Transcribe only part of the material below: the lines from the one containing "Definition cauchy_u m" through the one containing "(i < n)%N -> cauchy_rem i.+1%:R y n = 0.", inclusive, exactly as written.
(Exercise material Opens)
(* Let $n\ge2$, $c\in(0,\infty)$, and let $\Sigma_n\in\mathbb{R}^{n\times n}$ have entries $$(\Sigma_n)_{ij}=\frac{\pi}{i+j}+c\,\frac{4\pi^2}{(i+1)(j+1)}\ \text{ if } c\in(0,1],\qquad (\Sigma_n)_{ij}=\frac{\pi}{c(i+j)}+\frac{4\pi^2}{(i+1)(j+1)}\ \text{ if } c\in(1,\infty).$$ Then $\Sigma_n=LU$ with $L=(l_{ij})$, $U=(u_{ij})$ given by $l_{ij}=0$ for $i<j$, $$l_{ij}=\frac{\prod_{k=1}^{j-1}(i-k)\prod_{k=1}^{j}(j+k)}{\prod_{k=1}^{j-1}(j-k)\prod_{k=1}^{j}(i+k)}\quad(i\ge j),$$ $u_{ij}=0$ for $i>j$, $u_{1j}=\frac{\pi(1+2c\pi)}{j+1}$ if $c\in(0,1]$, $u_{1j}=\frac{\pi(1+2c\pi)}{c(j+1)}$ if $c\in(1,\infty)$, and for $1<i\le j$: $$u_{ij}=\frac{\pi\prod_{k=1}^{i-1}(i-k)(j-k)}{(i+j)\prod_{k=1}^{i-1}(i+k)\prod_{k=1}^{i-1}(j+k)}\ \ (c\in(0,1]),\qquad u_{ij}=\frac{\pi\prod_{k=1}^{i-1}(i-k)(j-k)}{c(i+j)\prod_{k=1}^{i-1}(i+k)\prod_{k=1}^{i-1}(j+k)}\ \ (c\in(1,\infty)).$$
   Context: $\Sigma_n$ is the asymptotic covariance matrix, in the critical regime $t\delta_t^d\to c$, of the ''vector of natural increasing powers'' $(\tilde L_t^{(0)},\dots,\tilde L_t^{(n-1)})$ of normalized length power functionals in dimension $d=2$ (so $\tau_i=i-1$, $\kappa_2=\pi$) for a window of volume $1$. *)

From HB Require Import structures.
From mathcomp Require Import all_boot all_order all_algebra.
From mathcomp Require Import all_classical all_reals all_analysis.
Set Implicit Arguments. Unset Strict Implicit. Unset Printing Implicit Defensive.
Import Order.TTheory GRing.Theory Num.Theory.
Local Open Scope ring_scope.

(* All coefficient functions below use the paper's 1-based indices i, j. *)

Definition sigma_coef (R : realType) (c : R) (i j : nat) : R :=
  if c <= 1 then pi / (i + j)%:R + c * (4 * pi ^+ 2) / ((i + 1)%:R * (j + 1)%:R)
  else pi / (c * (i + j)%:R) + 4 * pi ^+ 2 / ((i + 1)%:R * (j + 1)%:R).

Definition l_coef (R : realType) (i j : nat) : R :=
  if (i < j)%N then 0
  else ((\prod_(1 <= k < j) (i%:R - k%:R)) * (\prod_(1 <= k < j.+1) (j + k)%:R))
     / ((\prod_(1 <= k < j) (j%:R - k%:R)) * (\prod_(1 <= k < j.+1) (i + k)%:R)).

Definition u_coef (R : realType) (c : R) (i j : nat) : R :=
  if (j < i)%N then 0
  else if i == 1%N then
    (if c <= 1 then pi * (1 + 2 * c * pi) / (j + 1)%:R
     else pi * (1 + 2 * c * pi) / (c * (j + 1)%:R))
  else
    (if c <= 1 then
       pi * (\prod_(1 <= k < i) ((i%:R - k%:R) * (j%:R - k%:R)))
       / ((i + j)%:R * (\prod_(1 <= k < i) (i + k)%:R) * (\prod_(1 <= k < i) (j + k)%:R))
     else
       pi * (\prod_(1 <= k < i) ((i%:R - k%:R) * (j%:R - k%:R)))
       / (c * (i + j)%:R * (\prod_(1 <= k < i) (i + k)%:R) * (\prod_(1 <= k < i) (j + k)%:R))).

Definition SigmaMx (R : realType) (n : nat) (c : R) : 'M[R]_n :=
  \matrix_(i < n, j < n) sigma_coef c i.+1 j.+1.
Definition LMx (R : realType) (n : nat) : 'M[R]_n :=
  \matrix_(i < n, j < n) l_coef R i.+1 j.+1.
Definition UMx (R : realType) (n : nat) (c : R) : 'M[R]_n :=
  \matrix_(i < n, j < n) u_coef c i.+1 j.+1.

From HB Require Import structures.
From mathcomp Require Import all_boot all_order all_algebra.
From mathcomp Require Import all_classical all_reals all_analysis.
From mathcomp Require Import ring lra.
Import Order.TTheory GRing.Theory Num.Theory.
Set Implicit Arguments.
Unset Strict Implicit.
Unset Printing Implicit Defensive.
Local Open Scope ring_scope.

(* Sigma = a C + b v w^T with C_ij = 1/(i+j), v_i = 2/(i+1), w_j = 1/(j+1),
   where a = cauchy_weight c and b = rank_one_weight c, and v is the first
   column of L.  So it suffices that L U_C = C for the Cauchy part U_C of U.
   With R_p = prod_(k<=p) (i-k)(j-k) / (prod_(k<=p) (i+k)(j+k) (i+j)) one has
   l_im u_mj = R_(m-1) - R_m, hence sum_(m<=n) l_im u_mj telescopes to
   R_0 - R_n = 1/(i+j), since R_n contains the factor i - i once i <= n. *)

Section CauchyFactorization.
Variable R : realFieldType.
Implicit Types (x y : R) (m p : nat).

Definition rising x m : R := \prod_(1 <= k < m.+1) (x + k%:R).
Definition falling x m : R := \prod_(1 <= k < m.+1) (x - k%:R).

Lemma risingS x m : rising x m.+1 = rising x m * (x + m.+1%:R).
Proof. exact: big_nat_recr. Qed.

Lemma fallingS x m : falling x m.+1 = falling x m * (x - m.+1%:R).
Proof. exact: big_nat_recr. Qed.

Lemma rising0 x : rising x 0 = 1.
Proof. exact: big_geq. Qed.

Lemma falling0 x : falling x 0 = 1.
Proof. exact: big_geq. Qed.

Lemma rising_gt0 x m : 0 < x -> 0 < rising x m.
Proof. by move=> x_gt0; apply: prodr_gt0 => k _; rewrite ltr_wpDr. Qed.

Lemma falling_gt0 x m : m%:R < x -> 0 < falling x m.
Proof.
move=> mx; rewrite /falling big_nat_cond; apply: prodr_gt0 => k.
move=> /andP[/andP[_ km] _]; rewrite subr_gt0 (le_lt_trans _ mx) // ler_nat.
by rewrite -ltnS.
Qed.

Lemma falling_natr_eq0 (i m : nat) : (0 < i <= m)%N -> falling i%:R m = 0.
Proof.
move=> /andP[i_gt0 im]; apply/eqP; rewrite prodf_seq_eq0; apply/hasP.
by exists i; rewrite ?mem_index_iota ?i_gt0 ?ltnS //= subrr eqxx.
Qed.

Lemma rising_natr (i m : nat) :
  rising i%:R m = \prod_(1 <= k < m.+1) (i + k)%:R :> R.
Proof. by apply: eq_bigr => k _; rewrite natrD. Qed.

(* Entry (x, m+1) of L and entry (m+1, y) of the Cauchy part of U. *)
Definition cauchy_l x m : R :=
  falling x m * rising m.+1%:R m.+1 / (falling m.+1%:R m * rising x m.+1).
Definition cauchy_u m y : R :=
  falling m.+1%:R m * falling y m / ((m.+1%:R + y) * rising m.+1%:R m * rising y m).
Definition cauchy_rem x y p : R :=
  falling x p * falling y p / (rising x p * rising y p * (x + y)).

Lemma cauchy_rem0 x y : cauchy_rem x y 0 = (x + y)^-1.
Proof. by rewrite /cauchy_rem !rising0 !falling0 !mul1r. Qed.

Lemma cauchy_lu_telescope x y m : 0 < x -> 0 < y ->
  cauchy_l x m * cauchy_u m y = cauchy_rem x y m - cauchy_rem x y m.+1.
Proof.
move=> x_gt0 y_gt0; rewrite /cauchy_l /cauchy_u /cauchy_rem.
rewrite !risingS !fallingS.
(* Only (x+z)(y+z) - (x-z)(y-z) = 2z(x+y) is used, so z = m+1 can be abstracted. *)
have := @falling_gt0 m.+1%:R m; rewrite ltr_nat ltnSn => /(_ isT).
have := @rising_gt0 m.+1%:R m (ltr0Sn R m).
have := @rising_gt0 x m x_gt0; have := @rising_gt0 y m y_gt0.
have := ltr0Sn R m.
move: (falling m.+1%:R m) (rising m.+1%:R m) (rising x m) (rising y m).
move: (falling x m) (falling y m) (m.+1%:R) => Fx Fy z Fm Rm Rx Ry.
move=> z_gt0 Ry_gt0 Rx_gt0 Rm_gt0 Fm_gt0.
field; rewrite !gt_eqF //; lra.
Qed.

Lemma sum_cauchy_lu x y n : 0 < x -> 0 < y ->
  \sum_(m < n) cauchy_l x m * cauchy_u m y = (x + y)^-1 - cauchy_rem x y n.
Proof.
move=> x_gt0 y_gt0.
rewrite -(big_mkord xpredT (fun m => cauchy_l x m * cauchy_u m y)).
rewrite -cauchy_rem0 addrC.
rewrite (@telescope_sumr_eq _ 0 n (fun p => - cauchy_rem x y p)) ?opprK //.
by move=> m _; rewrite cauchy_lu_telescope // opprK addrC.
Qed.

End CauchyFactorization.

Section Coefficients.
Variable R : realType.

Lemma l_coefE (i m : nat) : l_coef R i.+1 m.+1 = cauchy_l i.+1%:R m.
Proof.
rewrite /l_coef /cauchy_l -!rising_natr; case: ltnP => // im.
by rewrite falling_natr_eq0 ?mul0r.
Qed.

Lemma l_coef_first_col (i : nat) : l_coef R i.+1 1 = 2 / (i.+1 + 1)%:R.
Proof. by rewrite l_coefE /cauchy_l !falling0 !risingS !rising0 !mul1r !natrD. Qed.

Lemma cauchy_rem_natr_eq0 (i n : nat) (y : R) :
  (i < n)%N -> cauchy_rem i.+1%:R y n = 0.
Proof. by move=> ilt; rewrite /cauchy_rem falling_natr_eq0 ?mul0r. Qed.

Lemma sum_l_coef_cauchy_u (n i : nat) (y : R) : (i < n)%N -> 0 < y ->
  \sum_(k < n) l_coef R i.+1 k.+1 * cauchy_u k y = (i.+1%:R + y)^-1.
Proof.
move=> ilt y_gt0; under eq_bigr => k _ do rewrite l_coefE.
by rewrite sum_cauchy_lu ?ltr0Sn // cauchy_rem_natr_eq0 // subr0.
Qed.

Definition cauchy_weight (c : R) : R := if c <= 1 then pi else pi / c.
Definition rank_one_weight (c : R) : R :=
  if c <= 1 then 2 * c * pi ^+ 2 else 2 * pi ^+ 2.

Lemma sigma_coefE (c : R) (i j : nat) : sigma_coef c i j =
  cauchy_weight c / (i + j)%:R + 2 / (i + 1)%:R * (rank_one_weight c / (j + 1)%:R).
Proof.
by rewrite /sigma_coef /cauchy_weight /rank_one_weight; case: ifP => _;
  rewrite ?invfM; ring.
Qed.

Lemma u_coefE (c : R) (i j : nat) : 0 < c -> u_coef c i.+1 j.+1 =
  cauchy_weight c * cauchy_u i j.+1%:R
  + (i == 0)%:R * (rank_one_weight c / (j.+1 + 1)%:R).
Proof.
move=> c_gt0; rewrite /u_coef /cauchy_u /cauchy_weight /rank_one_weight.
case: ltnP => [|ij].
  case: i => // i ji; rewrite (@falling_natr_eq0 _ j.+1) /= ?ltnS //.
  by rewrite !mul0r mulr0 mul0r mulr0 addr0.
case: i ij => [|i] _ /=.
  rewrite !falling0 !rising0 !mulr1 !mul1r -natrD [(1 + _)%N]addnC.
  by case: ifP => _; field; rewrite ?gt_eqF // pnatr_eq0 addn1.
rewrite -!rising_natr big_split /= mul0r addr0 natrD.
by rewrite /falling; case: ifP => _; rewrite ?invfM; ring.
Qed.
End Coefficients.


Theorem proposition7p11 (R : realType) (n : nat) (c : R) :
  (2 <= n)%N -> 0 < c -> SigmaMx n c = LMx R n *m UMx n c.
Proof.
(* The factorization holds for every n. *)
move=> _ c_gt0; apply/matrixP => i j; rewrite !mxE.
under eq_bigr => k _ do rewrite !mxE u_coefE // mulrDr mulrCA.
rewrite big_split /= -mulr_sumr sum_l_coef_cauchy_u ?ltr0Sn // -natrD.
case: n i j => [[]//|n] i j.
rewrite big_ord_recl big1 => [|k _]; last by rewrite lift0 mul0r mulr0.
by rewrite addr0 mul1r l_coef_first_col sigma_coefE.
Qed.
(Exercise material Closes)
[Answer box]
Definition cauchy_u m y : R :=
  falling m.+1%:R m * falling y m / ((m.+1%:R + y) * rising m.+1%:R m * rising y m).
Definition cauchy_rem x y p : R :=
  falling x p * falling y p / (rising x p * rising y p * (x + y)).

Lemma cauchy_rem0 x y : cauchy_rem x y 0 = (x + y)^-1.
Proof. by rewrite /cauchy_rem !rising0 !falling0 !mul1r. Qed.

Lemma cauchy_lu_telescope x y m : 0 < x -> 0 < y ->
  cauchy_l x m * cauchy_u m y = cauchy_rem x y m - cauchy_rem x y m.+1.
Proof.
move=> x_gt0 y_gt0; rewrite /cauchy_l /cauchy_u /cauchy_rem.
rewrite !risingS !fallingS.
(* Only (x+z)(y+z) - (x-z)(y-z) = 2z(x+y) is used, so z = m+1 can be abstracted. *)
have := @falling_gt0 m.+1%:R m; rewrite ltr_nat ltnSn => /(_ isT).
have := @rising_gt0 m.+1%:R m (ltr0Sn R m).
have := @rising_gt0 x m x_gt0; have := @rising_gt0 y m y_gt0.
have := ltr0Sn R m.
move: (falling m.+1%:R m) (rising m.+1%:R m) (rising x m) (rising y m).
move: (falling x m) (falling y m) (m.+1%:R) => Fx Fy z Fm Rm Rx Ry.
move=> z_gt0 Ry_gt0 Rx_gt0 Rm_gt0 Fm_gt0.
field; rewrite !gt_eqF //; lra.
Qed.

Lemma sum_cauchy_lu x y n : 0 < x -> 0 < y ->
  \sum_(m < n) cauchy_l x m * cauchy_u m y = (x + y)^-1 - cauchy_rem x y n.
Proof.
move=> x_gt0 y_gt0.
rewrite -(big_mkord xpredT (fun m => cauchy_l x m * cauchy_u m y)).
rewrite -cauchy_rem0 addrC.
rewrite (@telescope_sumr_eq _ 0 n (fun p => - cauchy_rem x y p)) ?opprK //.
by move=> m _; rewrite cauchy_lu_telescope // opprK addrC.
Qed.

End CauchyFactorization.

Section Coefficients.
Variable R : realType.

Lemma l_coefE (i m : nat) : l_coef R i.+1 m.+1 = cauchy_l i.+1%:R m.
Proof.
rewrite /l_coef /cauchy_l -!rising_natr; case: ltnP => // im.
by rewrite falling_natr_eq0 ?mul0r.
Qed.

Lemma l_coef_first_col (i : nat) : l_coef R i.+1 1 = 2 / (i.+1 + 1)%:R.
Proof. by rewrite l_coefE /cauchy_l !falling0 !risingS !rising0 !mul1r !natrD. Qed.

Lemma cauchy_rem_natr_eq0 (i n : nat) (y : R) :
  (i < n)%N -> cauchy_rem i.+1%:R y n = 0.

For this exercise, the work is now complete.